Exercise aim
Where a line below includes the word "Definition", copy that line.

[Stored dataset items]

——

Lemma descendant_parentr v a : a != root -> descendant v (parent a) -> descendant v a.
Proof.
move=> /parentP[_ da] /andP[va /eqP av]; rewrite /descendant.
have -> : depth a - depth v = (depth (parent a) - depth v).+1 by lia.
by rewrite iterSr av eqxx andbT; lia.
Qed.

Lemma parent_not_descendant v : v != root -> ~~ descendant v (parent v).
Proof. by case/parentP=> _ dv; apply/negP => /andP[]; lia. Qed.

Lemma descendant_lt_depth v j : descendant v j -> j != v -> depth v < depth j.
Proof.
case/andP=> vj /eqP jv j_v; rewrite ltn_neqAle vj andbT.
by apply: contra j_v => /eqP dv; rewrite -jv -dv subnn.
Qed.

Lemma proper_descendant_parent v j : descendant v j -> j != v -> descendant v (parent j).
Proof.
move=> vj j_v; have dvj := descendant_lt_depth vj j_v.
have /parentP[_ dj] : j != root by rewrite -depth_eq0 -lt0n (leq_ltn_trans _ dvj).
case/andP: vj => _; rewrite /descendant.
have -> : depth j - depth v = (depth (parent j) - depth v).+1 by lia.
by rewrite iterSr => ->; rewrite andbT; lia.
Qed.

Lemma edge_into_subtree v a b : v != root -> e a b ->
  ~~ descendant v a -> descendant v b -> a = parent v /\ b = v.
Proof.
move=> v_nr ab va vb; case/orP: (edge_parent ab) => /andP[nr /eqP p_eq].
  case: (eqVneq b v) => [bv | b_v]; first by rewrite -p_eq bv.
  by case/negP: va; rewrite -p_eq proper_descendant_parent.
by case/negP: va; apply: descendant_parentr nr _; rewrite p_eq.
Qed.

Lemma dist_parent_descendant v j : v != root -> descendant v j ->
  dist e (parent v) j = (dist e v j).+1.
Proof.
move=> v_nr vj; have [pv_v _] := parentP v_nr.
apply: (dist_through_cut e_connected (A := descendant v)) => //.
- by move=> a b ab va vb; case: (edge_into_subtree v_nr ab va vb).
- exact: parent_not_descendant.
Qed.

Lemma dist_parent_nondescendant v j : v != root -> ~~ descendant v j ->
  dist e v j = (dist e (parent v) j).+1.
Proof.
move=> v_nr vj; have [pv_v _] := parentP v_nr.
apply: (dist_through_cut e_connected (A := predC (descendant v))) => /=.
- move=> a b ab /negPn va vb; rewrite e_sym in ab.
  by case: (edge_into_subtree v_nr ab vb va).
- by rewrite negbK descendant_refl.
- by rewrite e_sym.
- by [].
Qed.

Lemma child_descendant_unique v c1 c2 j : child v c1 -> child v c2 ->
  descendant c1 j -> descendant c2 j -> c1 = c2.
Proof.
case/andP=> /parentP[_ d1] /eqP p1 /andP[/parentP[_ d2] /eqP p2].
case/andP=> _ /eqP <- /andP[_ /eqP <-].
by rewrite d1 d2 p1 p2.
Qed.

Lemma descendant_child v j : descendant v j -> j != v ->
  exists2 c, child v c & descendant c j.
Proof.
move=> vj j_v; have dvj := descendant_lt_depth vj j_v; case/andP: vj => _ /eqP jv.
set k := (depth j - depth v).-1.
have dc : depth (iter k parent j) = (depth v).+1 by rewrite depth_iter_parent /k; lia.
have c_nr : iter k parent j != root by rewrite -depth_eq0 dc.
exists (iter k parent j).
  by rewrite /child c_nr -iterS /k prednK ?subn_gt0 // jv /=.
rewrite /descendant dc; have -> : depth j - (depth v).+1 = k by rewrite /k; lia.
by rewrite eqxx andbT.
Qed.

Section SphereSums.
Variables (R : zmodType) (x : 'I_n.+1 -> R).
Local Open Scope ring_scope.

Definition down_sum d v := \sum_(j | (dist e v j == d) && descendant v j) x j.
Definition sphere_sum d v := \sum_(j | dist e v j == d) x j.

Lemma down_sum0 v : down_sum 0 v = x v.
Proof.
rewrite /down_sum (big_pred1 v) // => j /=.
apply/andP/eqP => [[/eqP/(dist_eq0 e_connected) ->] // | ->].
by rewrite dist_nn descendant_refl.
Qed.

Lemma down_sumS d v : down_sum d.+1 v = \sum_(c | child v c) down_sum d c.
Proof.
symmetry; rewrite /down_sum.
rewrite (exchange_big_dep [pred j | (dist e v j == d.+1) && descendant v j]) /=.
  apply: eq_bigr => j /andP[/eqP dvj vj].
  have j_v : j != v by apply/eqP => jv; move: dvj; rewrite jv dist_nn.
  have [c vc cj] := descendant_child vj j_v.
  rewrite (big_pred1 c) // => c'; apply/and3P/eqP => [[vc' _ c'j] | ->].
    exact: child_descendant_unique vc' vc c'j cj.
  have /andP[c_nr /eqP pc] := vc.
  by split => //; rewrite -eqSS -dvj -pc dist_parent_descendant.
move=> c j /andP[c_nr /eqP <-] /andP[/eqP <- cj].
by rewrite dist_parent_descendant // eqxx descendant_parentl.
Qed.

Lemma sphere_sum_root d : sphere_sum d root = down_sum d root.
Proof. by apply: eq_bigl => j; rewrite descendant_root andbT. Qed.

Lemma sphere_sum0 v : sphere_sum 0 v = down_sum 0 v.
Proof.
apply: eq_bigl => j; apply/idP/andP => [/eqP dvj | [] //].
by rewrite -(dist_eq0 e_connected dvj) dist_nn descendant_refl.
Qed.

Lemma sphere_sum_parent d v : v != root ->
  sphere_sum d.+1 v =
  down_sum d.+1 v + sphere_sum d (parent v) - (if d is d'.+1 then down_sum d' v else 0).
Proof.
move=> v_nr; rewrite /sphere_sum (bigID (descendant v)) /=.
rewrite [in RHS](bigID (descendant v)) /= -/(down_sum d.+1 v).
have -> : \sum_(j | (dist e (parent v) j == d) && descendant v j) x j =
          if d is d'.+1 then down_sum d' v else 0.
  case: d => [|d]; last first.
    by apply: eq_bigl => j; apply: andb_id2r => vj; rewrite dist_parent_descendant.
  by rewrite big_pred0 // => j; apply/andP => -[]; case: (boolP (descendant v j)) => // vj;
    rewrite dist_parent_descendant.
have -> : \sum_(j | (dist e v j == d.+1) && ~~ descendant v j) x j =
          \sum_(j | (dist e (parent v) j == d) && ~~ descendant v j) x j.
  by apply: eq_bigl => j; apply: andb_id2r => vj; rewrite dist_parent_nondescendant.
by rewrite addrCA [_ + (_ + _)]addrC addrK.
Qed.

Lemma sphere_sumE d v : sphere_sum d v =
  down_sum d v
  + (if (v != root) && (0 < d)%N then sphere_sum d.-1 (parent v) else 0)
  - (if (v != root) && (1 < d)%N then down_sum d.-2 v else 0).
Proof.
case: eqVneq => [->|v_nr] /=; first by rewrite addr0 subr0 sphere_sum_root.
case: d => [|d]; first by rewrite addr0 subr0 sphere_sum0.
by rewrite sphere_sum_parent //; case: d.
Qed.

——

Exercise result
Definition down_sum d v := \sum_(j | (dist e v j == d) && descendant v j) x j.
Definition sphere_sum d v := \sum_(j | dist e v j == d) x j.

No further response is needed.